La maison de verre est un projet réalisé entre 1928 et 1931 par l’architecte-décorateur Pierre Chareau, l’architecte Bernard Bijvoet et Louis Dalbet (artisan ferronnier), située au 31, rue Saint-Guillaume dans le 7e arrondissement de Paris, pour le docteur Jean Dalsace, gynécologue et promoteur de la planification familiale.
Elle est son œuvre majeure, composée de trois étages, conçue comme un espace total, dont la façade sur cour est complètement vitrée : une structure métallique tramée soutient des panneaux en pavés de verre tandis que les chambres s’isolent par des portes-placards, en bois ou métal, qui coulissent ou pivotent. La structure (poutres et poutrelles en acier), les canalisations et conduits restent visibles et participent à l’architecture, transformant ainsi les éléments utilitaires de la maison en éléments décoratifs. Ont également été utilisées des dalles ou briques de verre séparant les espaces. Parfois, les mises en façades sont rythmées en contraste avec le béton (jeu de géométrie avec des influences japonaises, des répétitions formelles et une trame rythmique).
La nouvelle maison s’est glissée sous l’ancien hôtel particulier datant du XVIIIe siècle, car la locataire âgée du dernier étage ne voulait pas partir. Le journal le New York Times considère la maison de verre comme « The best house in Paris ». La répartition de la maison était quelque peu inhabituelle dans la mesure où elle incluait un rez-de-chaussée avec le cabinet médical du docteur Jean Dalsace. Ce schéma de circulation changeant était permis par un panneau rotatif qui cachait les escaliers privatifs de la vue des patients pendant la journée, mais laissait deviner les escaliers la nuit.

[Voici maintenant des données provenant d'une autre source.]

(* For every $n\ge1$, the itinerary map $\iota$ is a well-defined map $\mathcal{T}_n\to\mathcal{U}_n$, and it is injective.
   Context: $\Gamma=\{0,1,2,3\}$. A word $w$ is primitive if it is not $v^m$ with $v$ nonempty and $m\ge2$; $\mathcal{U}_n$ is the set of primitive words $w\in\Gamma^n$ with $w\notin\{1,2\}^n$. $C=\{(a,b,c)\in\mathbb{R}^3: a\ge b\ge c>0,\ a+b+c=1\}$, $C^*=\{(a,b,c)\in C: a\ne1/2\}$. Regions of $C^*$: $R_0=\{a<1/2\}$, $R_1=\{2a-1\ge2b,\ a>1/2\}$, $R_2=\{2b>2a-1\ge2c,\ a>1/2\}$, $R_3=\{2c>2a-1,\ a>1/2\}$. Sorted pedal map $P:C^*\to C$: $P(a,b,c)=(1-2c,1-2b,1-2a)$ on $R_0$, $(2a-1,2b,2c)$ on $R_1$, $(2b,2a-1,2c)$ on $R_2$, $(2b,2c,2a-1)$ on $R_3$. $\mathcal{T}_n=\{p\in C: P^j(p)\text{ defined for }0\le j<n,\ P^n(p)=p,\ P^d(p)\ne p\text{ for }1\le d<n\}$. The itinerary $\iota(p)=w_0\cdots w_{n-1}\in\Gamma^n$ of $p\in\mathcal{T}_n$ is defined by $P^j(p)\in R_{w_j}$ for $0\le j<n$. *)

From Stdlib Require Import Reals Lra Lia List.
Import ListNotations.
Open Scope R_scope.

Definition pt := (R * R * R)%type.

Definition inC (p : pt) : Prop :=
  let '(a, b, c) := p in a >= b /\ b >= c /\ c > 0 /\ a + b + c = 1.

Definition inCstar (p : pt) : Prop :=
  inC p /\ (let '(a, _, _) := p in a <> 1/2).

(* Regions R_0, ..., R_3 of C^*, indexed by letters of Gamma = {0,1,2,3}. *)
Definition inRegion (k : nat) (p : pt) : Prop :=
  inCstar p /\
  let '(a, b, c) := p in
  match k with
  | 0%nat => a < 1/2
  | 1%nat => 2*a - 1 >= 2*b /\ a > 1/2
  | 2%nat => 2*b > 2*a - 1 /\ 2*a - 1 >= 2*c /\ a > 1/2
  | 3%nat => 2*c > 2*a - 1 /\ a > 1/2
  | _ => False
  end.

(* Sorted pedal map.  It is made total for convenience; its values outside
   C^* are irrelevant since all statements require the iterates to lie in C^*. *)
Definition P (p : pt) : pt :=
  let '(a, b, c) := p in
  if Rlt_dec a (1/2) then (1 - 2*c, 1 - 2*b, 1 - 2*a)
  else if Rge_dec (2*a - 1) (2*b) then (2*a - 1, 2*b, 2*c)
  else if Rge_dec (2*a - 1) (2*c) then (2*b, 2*a - 1, 2*c)
  else (2*b, 2*c, 2*a - 1).

Definition Piter (j : nat) (p : pt) : pt := Nat.iter j P p.

(* T_n : points of exact period n whose first n iterates are defined. *)
Definition inT (n : nat) (p : pt) : Prop :=
  inC p /\
  (forall j : nat, (j < n)%nat -> inCstar (Piter j p)) /\
  Piter n p = p /\
  (forall d : nat, (1 <= d < n)%nat -> Piter d p <> p).

Definition word_on_Gamma (w : list nat) : Prop := Forall (fun x => (x < 4)%nat) w.

Definition primitive (w : list nat) : Prop :=
  ~ exists (v : list nat) (m : nat),
      v <> [] /\ (2 <= m)%nat /\ w = concat (repeat v m).

Definition inU (n : nat) (w : list nat) : Prop :=
  word_on_Gamma w /\ length w = n /\ primitive w /\
  ~ Forall (fun x => x = 1%nat \/ x = 2%nat) w.

Definition is_itinerary (n : nat) (p : pt) (w : list nat) : Prop :=
  word_on_Gamma w /\ length w = n /\
  forall j : nat, (j < n)%nat -> inRegion (nth j w 0%nat) (Piter j p).

(* On each region the sorted pedal map is affine with linear part twice a
   signed permutation matrix, so it doubles the l1 distance between two points
   of the same region.  Two n-periodic points with the same itinerary therefore
   satisfy d = 2^n d, hence coincide: this is injectivity.  If the itinerary
   were a proper power v^m, the point P^|v|(p) would be n-periodic with the same
   itinerary as p, hence equal to p, contradicting the exact period.  Finally,
   on R_1 and R_2 the smallest coordinate doubles, so an itinerary in {1,2}^n
   would force c = 2^n c with c > 0. *)
From Pilot Require Import Defs.
From Stdlib Require Import Reals Lra Lia List Permutation.
Open Scope R_scope.

Definition dist (p q : pt) : R :=
  let '(a, b, c) := p in let '(a', b', c') := q in
  Rabs (a - a') + Rabs (b - b') + Rabs (c - c').

Lemma dist_ge0 (p q : pt) : 0 <= dist p q.
Proof.
  destruct p as [[a b] c], q as [[a' b'] c']; simpl.
  pose proof (Rabs_pos (a - a')); pose proof (Rabs_pos (b - b'));
  pose proof (Rabs_pos (c - c')); lra.
Qed.

Lemma dist_eq0 (p q : pt) : dist p q = 0 -> p = q.
Proof.
  destruct p as [[a b] c], q as [[a' b'] c']; simpl; intro H.
  pose proof (Rabs_pos (a - a')); pose proof (Rabs_pos (b - b'));
  pose proof (Rabs_pos (c - c')).
  assert (Ha : Rabs (a - a') = 0) by lra.
  assert (Hb : Rabs (b - b') = 0) by lra.
  assert (Hc : Rabs (c - c') = 0) by lra.
  revert Ha Hb Hc; unfold Rabs;
  destruct (Rcase_abs (a - a')), (Rcase_abs (b - b')), (Rcase_abs (c - c'));
  intros; (f_equal; [f_equal|]; lra).
Qed.

Lemma Rabs_1_sub_double (x y : R) : Rabs ((1 - 2*x) - (1 - 2*y)) = 2 * Rabs (x - y).
Proof. unfold Rabs; destruct (Rcase_abs _), (Rcase_abs _); lra. Qed.

Lemma Rabs_double_sub_1 (x y : R) : Rabs ((2*x - 1) - (2*y - 1)) = 2 * Rabs (x - y).
Proof. unfold Rabs; destruct (Rcase_abs _), (Rcase_abs _); lra. Qed.

Lemma Rabs_double (x y : R) : Rabs (2*x - 2*y) = 2 * Rabs (x - y).
Proof. unfold Rabs; destruct (Rcase_abs _), (Rcase_abs _); lra. Qed.

Ltac case_P_branches :=
  repeat match goal with
  | |- context [if Rlt_dec ?x ?y then _ else _] => destruct (Rlt_dec x y)
  | |- context [if Rge_dec ?x ?y then _ else _] => destruct (Rge_dec x y)
  end.

Lemma dist_P_inRegion (k : nat) (p q : pt) :
  inRegion k p -> inRegion k q -> dist (P p) (P q) = 2 * dist p q.
Proof.
  destruct p as [[a b] c], q as [[a' b'] c'].
  unfold inRegion, inCstar, inC; intros [[Hp Hp'] Hk] [[Hq Hq'] Hk'].
  unfold P; case_P_branches; simpl;
  rewrite ?Rabs_1_sub_double, ?Rabs_double_sub_1, ?Rabs_double;
  destruct k as [|[|[|[|]]]]; lra.
Qed.

Lemma Piter_add (i j : nat) (p : pt) : Piter (i + j) p = Piter i (Piter j p).
Proof. apply Nat.iter_add. Qed.

Lemma dist_Piter_itinerary (n : nat) (p q : pt) (w : list nat) :
  is_itinerary n p w -> is_itinerary n q w ->
  forall j, (j <= n)%nat -> dist (Piter j p) (Piter j q) = 2 ^ j * dist p q.
Proof.
  intros [_ [_ Hp]] [_ [_ Hq]] j; induction j as [|j IH]; intro Hj.
  - simpl; lra.
  - change (dist (P (Piter j p)) (P (Piter j q)) = 2 * 2 ^ j * dist p q).
    rewrite (dist_P_inRegion (nth j w 0%nat)) by (apply Hp || apply Hq; lia).
    rewrite IH by lia; ring.
Qed.

Lemma periodic_itinerary_inj (n : nat) (p q : pt) (w : list nat) :
  (1 <= n)%nat -> Piter n p = p -> Piter n q = q ->
  is_itinerary n p w -> is_itinerary n q w -> p = q.
Proof.
  intros Hn Hp Hq Hwp Hwq; apply dist_eq0.
  pose proof (dist_Piter_itinerary n p q w Hwp Hwq n (le_n n)) as E.
  rewrite Hp, Hq in E.
  pose proof (dist_ge0 p q).
  assert (H2n : 2 <= 2 ^ n).
  { destruct n as [|m]; [lia|]; simpl; pose proof (pow_R1_Rle 2 m); lra. }
  nra.
Qed.

Lemma is_itinerary_rotate (n d : nat) (p : pt) (w : list nat) :
  (d <= n)%nat -> Piter n p = p -> is_itinerary n p w ->
  is_itinerary n (Piter d p) (skipn d w ++ firstn d w).
Proof.
  intros Hd Hper [Hw [Hlen Hreg]].
  assert (Hskip : length (skipn d w) = (n - d)%nat) by (rewrite length_skipn; lia).
  split; [|split].
  - assert (Hperm : Permutation w (skipn d w ++ firstn d w)).
    { rewrite <- (firstn_skipn d w) at 1; apply Permutation_app_comm. }
    exact (Permutation_Forall Hperm Hw).
  - rewrite length_app, Hskip, firstn_length_le; lia.
  - intros j Hj; rewrite <- Piter_add.
    destruct (Nat.lt_ge_cases j (n - d)) as [Hjd|Hjd].
    + rewrite app_nth1, nth_skipn by lia.
      rewrite Nat.add_comm; apply Hreg; lia.
    + rewrite app_nth2, nth_firstn, Hskip by lia.
      replace (j - (n - d) <? d)%nat with true by (symmetry; apply Nat.ltb_lt; lia).
      replace (j + d)%nat with ((j - (n - d)) + n)%nat by lia.
      rewrite Piter_add, Hper; apply Hreg; lia.
Qed.

Lemma concat_repeat_S_r (v : list nat) (m : nat) :
  concat (repeat v (S m)) = concat (repeat v m) ++ v.
Proof.
  induction m as [|m IH]; [simpl; now rewrite app_nil_r|].
  change (v ++ concat (repeat v (S m)) = (v ++ concat (repeat v m)) ++ v).
  now rewrite IH, app_assoc.
Qed.

Lemma length_concat_repeat (v : list nat) (m : nat) :
  length (concat (repeat v m)) = (m * length v)%nat.
Proof. induction m as [|m IH]; simpl; [reflexivity|]; rewrite length_app, IH; lia. Qed.

Lemma primitive_itinerary (n : nat) (p : pt) (w : list nat) :
  inT n p -> is_itinerary n p w -> Defs.primitive w.
Proof.
  intros [_ [_ [Hper Hexact]]] Hit [v [m [Hv [Hm Ew]]]].
  destruct m as [|m]; [lia|].
  set (u := concat (repeat v m)).
  assert (Hvu : w = v ++ u) by exact Ew.
  assert (Huv : w = u ++ v) by (rewrite Ew; apply concat_repeat_S_r).
  assert (Hlen : n = (S m * length v)%nat).
  { destruct Hit as [_ [<- _]]; rewrite Ew; apply length_concat_repeat. }
  assert (Hv1 : (1 <= length v)%nat) by (destruct v; [congruence|simpl; lia]).
  assert (Hrot : skipn (length v) w ++ firstn (length v) w = w).
  { rewrite Hvu at 1 2.
    rewrite skipn_app, firstn_app, skipn_all, firstn_all, Nat.sub_diag.
    simpl; rewrite app_nil_r; symmetry; exact Huv. }
  apply (Hexact (length v)); [lia|].
  apply (periodic_itinerary_inj n _ _ w); [lia| |exact Hper| |exact Hit].
  - rewrite <- Piter_add, Nat.add_comm, Piter_add, Hper; reflexivity.
  - rewrite <- Hrot at 1; apply is_itinerary_rotate; [lia|exact Hper|exact Hit].
Qed.

Definition third (p : pt) : R := let '(_, _, c) := p in c.

Lemma third_P_inRegion12 (x : pt) :
  inRegion 1 x \/ inRegion 2 x -> third (P x) = 2 * third x.
Proof.
  destruct x as [[a b] c]; unfold inRegion, inCstar, inC.
  intros [[_ H]|[_ H]]; unfold P; case_P_branches; simpl; lra.
Qed.

Lemma itinerary_not_in12 (n : nat) (p : pt) (w : list nat) :
  (1 <= n)%nat -> inT n p -> is_itinerary n p w ->
  ~ Forall (fun x => x = 1%nat \/ x = 2%nat) w.
Proof.
  intros Hn [HC [_ [Hper _]]] [_ [Hlen Hreg]] H12.
  rewrite Forall_nth in H12.
  assert (Hthird : forall j, (j <= n)%nat -> third (Piter j p) = 2 ^ j * third p).
  { induction j as [|j IH]; intro Hj; [simpl; lra|].
    change (third (P (Piter j p)) = 2 * 2 ^ j * third p).
    rewrite third_P_inRegion12, IH by
      (lia || (pose proof (Hreg j ltac:(lia)) as Hj';
               destruct (H12 j 0%nat ltac:(lia)) as [E|E]; rewrite E in Hj'; auto)).
    ring. }
  pose proof (Hthird n (le_n n)) as E; rewrite Hper in E.
  destruct p as [[a b] c]; unfold inC in HC; simpl in E.
  assert (H2n : 2 <= 2 ^ n).
  { destruct n as [|m]; [lia|]; simpl; pose proof (pow_R1_Rle 2 m); lra. }
  nra.
Qed.

(* [region_of] mirrors the case split in the definition of [P]. *)
Definition region_of (p : pt) : nat :=
  let '(a, b, c) := p in
  if Rlt_dec a (1/2) then 0%nat
  else if Rge_dec (2*a - 1) (2*b) then 1%nat
  else if Rge_dec (2*a - 1) (2*c) then 2%nat
  else 3%nat.

Lemma region_of_lt4 (p : pt) : (region_of p < 4)%nat.
Proof. destruct p as [[a b] c]; unfold region_of; case_P_branches; lia. Qed.

Lemma inRegion_region_of (p : pt) : inCstar p -> inRegion (region_of p) p.
Proof.
  intro H; split; [exact H|].
  destruct p as [[a b] c]; unfold inCstar, inC in H.
  unfold region_of; case_P_branches; simpl; lra.
Qed.

Lemma inRegion_unique (k k' : nat) (p : pt) : inRegion k p -> inRegion k' p -> k = k'.
Proof.
  destruct p as [[a b] c]; unfold inRegion, inCstar, inC.
  intros [[[_ [Hbc _]] _] Hk] [_ Hk'].
  destruct k as [|[|[|[|]]]], k' as [|[|[|[|]]]]; first [reflexivity | tauto | lra].
Qed.

Definition itinerary (n : nat) (p : pt) : list nat :=
  map (fun j => region_of (Piter j p)) (seq 0 n).

Lemma is_itinerary_itinerary (n : nat) (p : pt) :
  (forall j, (j < n)%nat -> inCstar (Piter j p)) -> is_itinerary n p (itinerary n p).
Proof.
  intro Hstar; unfold itinerary; split; [|split].
  - apply Forall_map, Forall_forall; intros; apply region_of_lt4.
  - now rewrite length_map, length_seq.
  - intros j Hj.
    rewrite nth_indep with (d' := region_of (Piter 0 p))
      by (rewrite length_map, length_seq; lia).
    rewrite (map_nth (fun j => region_of (Piter j p))), seq_nth by lia.
    now apply inRegion_region_of, Hstar.
Qed.

Lemma is_itinerary_unique (n : nat) (p : pt) (w w' : list nat) :
  is_itinerary n p w -> is_itinerary n p w' -> w = w'.
Proof.
  intros [_ [Hl Hr]] [_ [Hl' Hr']].
  apply (nth_ext _ _ 0%nat 0%nat); [congruence|].
  intros j Hj; apply (inRegion_unique _ _ (Piter j p)); [apply Hr|apply Hr']; lia.
Qed.

Theorem mainTheorem8 :
  forall n : nat, (1 <= n)%nat ->
    (forall p : pt, inT n p ->
       (exists! w : list nat, is_itinerary n p w) /\
       (forall w : list nat, is_itinerary n p w -> inU n w)) /\
    (forall (p q : pt) (w : list nat),
       inT n p -> inT n q -> is_itinerary n p w -> is_itinerary n q w -> p = q).
Proof.
  intros n Hn; split.
  - intros p Hp; split.
    + exists (itinerary n p); split.
      * apply is_itinerary_itinerary, Hp.
      * intros w'; apply is_itinerary_unique, is_itinerary_itinerary, Hp.
    + intros w Hw.
      pose proof Hw as [HG [Hl _]].
      split; [exact HG|split; [exact Hl|split]].
      * exact (primitive_itinerary n p w Hp Hw).
      * exact (itinerary_not_in12 n p w Hn Hp Hw).
  - intros p q w Hp Hq.
    apply (periodic_itinerary_inj n p q w Hn); [apply Hp|apply Hq].
Qed.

Le docteur Jean Dalsace (1893-1970) était militant pacifiste et membre du Parti communiste français qui a joué un rôle important dans les événements antifascistes et culturels3. Dans la deuxième moitié des années 1930, la salle de séjour de la maison de verre, très haute sous plafond, a été transformée en salon, lequel était régulièrement fréquenté par des intellectuels marxistes comme Walter Benjamin ainsi que des poètes et artistes surréalistes comme Louis Aragon, Paul Éluard, Jean Cocteau, André Masson, Max Ernst, Yves Tanguy, Joan Miró, Pablo Picasso et Max Jacob.

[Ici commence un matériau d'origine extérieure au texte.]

(* Let $\Phi$ be irreducible with highest root $\gamma$ and $\mathfrak h_\gamma=\Phi^+\setminus\{\gamma\}$. Let $v,w\in W$ with $v>w$ in Bruhat order. Then $\ell_\gamma(w)=\ell_\gamma(v)$ if and only if all of the following hold: $v$ is a cover of $w$; $N_w=N^\gamma_w$; and there exists $\beta\in N_v$ with $v^{-1}\beta=-\gamma$.
   Context: $\Phi$ is a crystallographic root system in a real Euclidean space with base $\Delta$, positive roots $\Phi^+$, $\Phi^-=-\Phi^+$, Weyl group $W$ with length $\ell$; $s_\alpha$ is the reflection through $\alpha$. $\Phi$ irreducible means it is not a disjoint union of two root systems; then there is a unique highest root $\gamma\in\Phi^+$ with $\alpha\prec\gamma$ for all $\alpha\in\Phi$, where $\alpha\prec\beta$ means $\beta-\alpha$ is a sum of positive roots. For $w\in W$, $N_w=\{\beta\in\Phi^+: w^{-1}\beta\in\Phi^-\}$, $N^\gamma_w=\{\beta\in\Phi^+: w^{-1}\beta\in-\mathfrak h_\gamma\}$, and $\ell_\gamma(w)=|N^\gamma_w|$. The Bruhat graph has vertex set $W$ and edges $u\to s_\alpha u$ for $\alpha\in\Phi^+$ with $(s_\alpha u)^{-1}\alpha\in\Phi^-$; Bruhat order $<$ is the transitive closure. $v$ is a cover of $w$ if $v=s_\alpha w$ with $w\to v$ a Bruhat graph edge and $\ell(v)=\ell(w)+1$. *)

From HB Require Import structures.
From mathcomp Require Import all_boot all_order all_algebra.
From mathcomp Require Import reals.
From Stdlib Require Import ClassicalDescription Relation_Operators.
Set Implicit Arguments. Unset Strict Implicit. Unset Printing Implicit Defensive.
Import Order.TTheory GRing.Theory Num.Theory.
Local Open Scope ring_scope.

Definition pb (P : Prop) : bool :=
  if excluded_middle_informative P then true else false.

Section RootSystems.
Variables (R : realType) (n : nat).
Notation V := 'cV[R]_n.

Definition dot (u v : V) : R := (u^T *m v) 0 0.

(* the reflection s_alpha as a matrix: s_alpha x = x - 2(x,a)/(a,a) a *)
Definition refl (a : V) : 'M[R]_n :=
  1%:M - (2 / dot a a) *: (a *m a^T).

Definition root_system (Phi : seq V) : Prop :=
  [/\ uniq Phi /\ 0 \notin Phi,
      (forall x : V, exists c : nat -> R,
          x = \sum_(i < size Phi) c i *: Phi`_i),
      (forall a, a \in Phi -> forall c : R, c *: a \in Phi -> c = 1 \/ c = -1),
      (forall a b, a \in Phi -> b \in Phi -> refl a *m b \in Phi) &
      (forall a b, a \in Phi -> b \in Phi ->
          exists z : int, 2 * dot b a / dot a a = z%:~R)].

Definition irreducible_rs (Phi : seq V) : Prop :=
  Phi != [::] /\
  forall P : pred V,
    (forall a b, a \in Phi -> b \in Phi -> P a -> ~~ P b -> dot a b = 0) ->
    (all P Phi \/ all (predC P) Phi).

Definition nonneg_comb (Delta : seq V) (x : V) : Prop :=
  exists c : nat -> nat, x = \sum_(i < size Delta) (c i)%:R *: Delta`_i.

Definition is_base (Phi Delta : seq V) : Prop :=
  [/\ {subset Delta <= Phi},
      (forall c : nat -> R, \sum_(i < size Delta) c i *: Delta`_i = 0 ->
          forall i, (i < size Delta)%N -> c i = 0) &
      (forall b, b \in Phi -> nonneg_comb Delta b \/ nonneg_comb Delta (- b))].

Definition posroot (Phi Delta : seq V) (x : V) : Prop :=
  x \in Phi /\ nonneg_comb Delta x.
Definition negroot (Phi Delta : seq V) (x : V) : Prop :=
  posroot Phi Delta (- x).

Definition prec (Phi Delta : seq V) (a b : V) : Prop :=
  exists s : seq V, (forall x, x \in s -> posroot Phi Delta x) /\
                    b - a = \sum_(x <- s) x.

Definition highest_root (Phi Delta : seq V) (g : V) : Prop :=
  posroot Phi Delta g /\ forall a, a \in Phi -> prec Phi Delta a g.

Inductive in_W (Phi : seq V) : 'M[R]_n -> Prop :=
| W_one : in_W Phi 1%:M
| W_refl a M : a \in Phi -> in_W Phi M -> in_W Phi (refl a *m M).

Definition simple_word (Delta : seq V) (w : 'M[R]_n) (k : nat) : Prop :=
  exists s : seq V, [/\ size s = k, {subset s <= Delta} &
                        w = foldr (fun a M => refl a *m M) 1%:M s].

Definition cox_length (Delta : seq V) (w : 'M[R]_n) (k : nat) : Prop :=
  simple_word Delta w k /\ forall k', simple_word Delta w k' -> (k <= k')%N.

Definition N_set (Phi Delta : seq V) (w : 'M[R]_n) (b : V) : Prop :=
  posroot Phi Delta b /\ negroot Phi Delta (invmx w *m b).

Definition neg_hg (Phi Delta : seq V) (g x : V) : Prop :=
  posroot Phi Delta (- x) /\ - x != g.

Definition Ng_set (Phi Delta : seq V) (g : V) (w : 'M[R]_n) (b : V) : Prop :=
  posroot Phi Delta b /\ neg_hg Phi Delta g (invmx w *m b).

Definition ell_g (Phi Delta : seq V) (g : V) (w : 'M[R]_n) : nat :=
  count (fun b => pb (Ng_set Phi Delta g w b)) Phi.

Definition bruhat_edge (Phi Delta : seq V) (u v : 'M[R]_n) : Prop :=
  exists a, [/\ posroot Phi Delta a, v = refl a *m u &
                negroot Phi Delta (invmx v *m a)].

Definition bruhat_lt (Phi Delta : seq V) (w v : 'M[R]_n) : Prop :=
  in_W Phi w /\ clos_trans _ (bruhat_edge Phi Delta) w v.

Definition is_cover (Phi Delta : seq V) (w v : 'M[R]_n) : Prop :=
  bruhat_edge Phi Delta w v /\
  exists k, cox_length Delta w k /\ cox_length Delta v k.+1.

End RootSystems.

(* For w in W the Coxeter length l(w) equals |N_w|: a simple reflection
   changes N_w only at its own root, and a word longer than |N_w| shortens by
   strong exchange.  Along an edge u -> s_a u of the Bruhat graph, b |-> s_a b
   (when s_a b is positive, else b) injects N_u into N_(s_a u) minus {a}, so l
   grows strictly along Bruhat paths.  Since N^gamma_w = N_w minus {-w gamma},
   l_gamma(w) = l(w) - [-w gamma in N_w].  Hence, for w < v, the equality
   l_gamma(w) = l_gamma(v) forces l(v) = l(w) + 1, so the path is a single edge
   (a cover), with -w gamma not in N_w and -v gamma in N_v; the converse is
   immediate. *)

From HB Require Import structures.
From mathcomp Require Import all_boot all_order all_algebra.
From mathcomp Require Import reals.
From mathcomp Require Import ring lra zify.
From Stdlib Require Import ClassicalDescription Relation_Operators Operators_Properties.
Set Implicit Arguments. Unset Strict Implicit. Unset Printing Implicit Defensive.
Import Order.TTheory GRing.Theory Num.Theory.
Local Open Scope ring_scope.

Section Reflections.
Variables (R : realType) (n : nat).
Notation V := 'cV[R]_n.

Lemma dotC (u v : V) : dot u v = dot v u.
Proof. by rewrite /dot -{1}(trmxK v) -trmx_mul mxE. Qed.

Lemma dotDl (u v x : V) : dot (u + v) x = dot u x + dot v x.
Proof. by rewrite /dot linearD /= mulmxDl mxE. Qed.

Lemma dotZl (c : R) (u x : V) : dot (c *: u) x = c * dot u x.
Proof. by rewrite /dot linearZ /= -scalemxAl mxE. Qed.

Lemma dotNl (u x : V) : dot (- u) x = - dot u x.
Proof. by rewrite -scaleN1r dotZl mulN1r. Qed.

Lemma dot_suml I (r : seq I) (P : pred I) (F : I -> V) x :
  dot (\sum_(i <- r | P i) F i) x = \sum_(i <- r | P i) dot (F i) x.
Proof.
elim/big_rec2: _ => [|i y1 y2 _ <-]; last by rewrite dotDl.
by rewrite /dot linear0 mul0mx mxE.
Qed.

Lemma dot_eq0 (u : V) : (dot u u == 0) = (u == 0).
Proof.
apply/idP/eqP => [|->]; last by rewrite /dot mulmx0 mxE.
rewrite /dot mxE psumr_eq0 => [/allP u0|i _]; last by rewrite mxE sqr_ge0.
apply/matrixP => i j; rewrite (ord1 j) !mxE.
by have /(_ (mem_index_enum i)) := u0 i; rewrite mxE mulf_eq0 orbb => /eqP.
Qed.

Lemma dot_gt0 (u : V) : u != 0 -> 0 < dot u u.
Proof.
move=> u0; rewrite lt_def dot_eq0 u0 /dot mxE.
by apply: sumr_ge0 => i _; rewrite mxE sqr_ge0.
Qed.

Lemma mul_refl (a x : V) : refl a *m x = x - (2 / dot a a * dot a x) *: a.
Proof.
rewrite /refl mulmxBl mul1mx -scalemxAl -mulmxA [a^T *m x]mx11_scalar.
by rewrite mul_mx_scalar scalerA.
Qed.

Lemma tr_refl (a : V) : (refl a)^T = refl a.
Proof. by rewrite /refl linearB /= trmx1 linearZ /= trmx_mul trmxK. Qed.

Lemma reflN (a : V) : refl (- a) = refl a.
Proof.
by rewrite /refl dotNl dotC dotNl opprK linearN /= mulNmx mulmxN opprK.
Qed.

Lemma refl_self (a : V) : a != 0 -> refl a *m a = - a.
Proof.
move=> a0; rewrite mul_refl mulrAC -mulrA divff ?dot_eq0 // mulr1.
by rewrite scaler_nat mulr2n opprD addrA subrr sub0r.
Qed.

Lemma reflK (a : V) : a != 0 -> refl a *m refl a = 1%:M.
Proof.
move=> a0; have aa0 : dot a a != 0 by rewrite dot_eq0.
have aaT2 : (a *m a^T) *m (a *m a^T) = dot a a *: (a *m a^T).
  by rewrite mulmxA -(mulmxA a) [a^T *m a]mx11_scalar mul_mx_scalar -scalemxAl.
rewrite /refl mulmxBl mul1mx mulmxBr mulmx1 -scalemxAl -scalemxAr aaT2 !scalerA.
have -> : 2 / dot a a * (2 / dot a a) * dot a a = 2 / dot a a + 2 / dot a a.
  by field.
by rewrite scalerDl opprB addrK subrK.
Qed.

Selon l’historienne d’art américaine Maria Gough, la maison de verre a beaucoup influencé Walter Benjamin, particulièrement son interprétation constructiviste — plus qu’expressionniste — du projet utopique de Paul Scheerbart pour une future « culture du verre », pour un « nouvel environnement en verre (qui) transformera profondément l’humanité », comme ce dernier l’a exprimé dans son traité sur l’Architecture de Verre de 1914. Voir notamment l’essai de Benjamin de 1933 Erfahrung und Armut (Expérience et Pauvreté). Walter Benjamin estimait que « vivre dans une maison de verre est, par excellence, une vertu révolutionnaire ».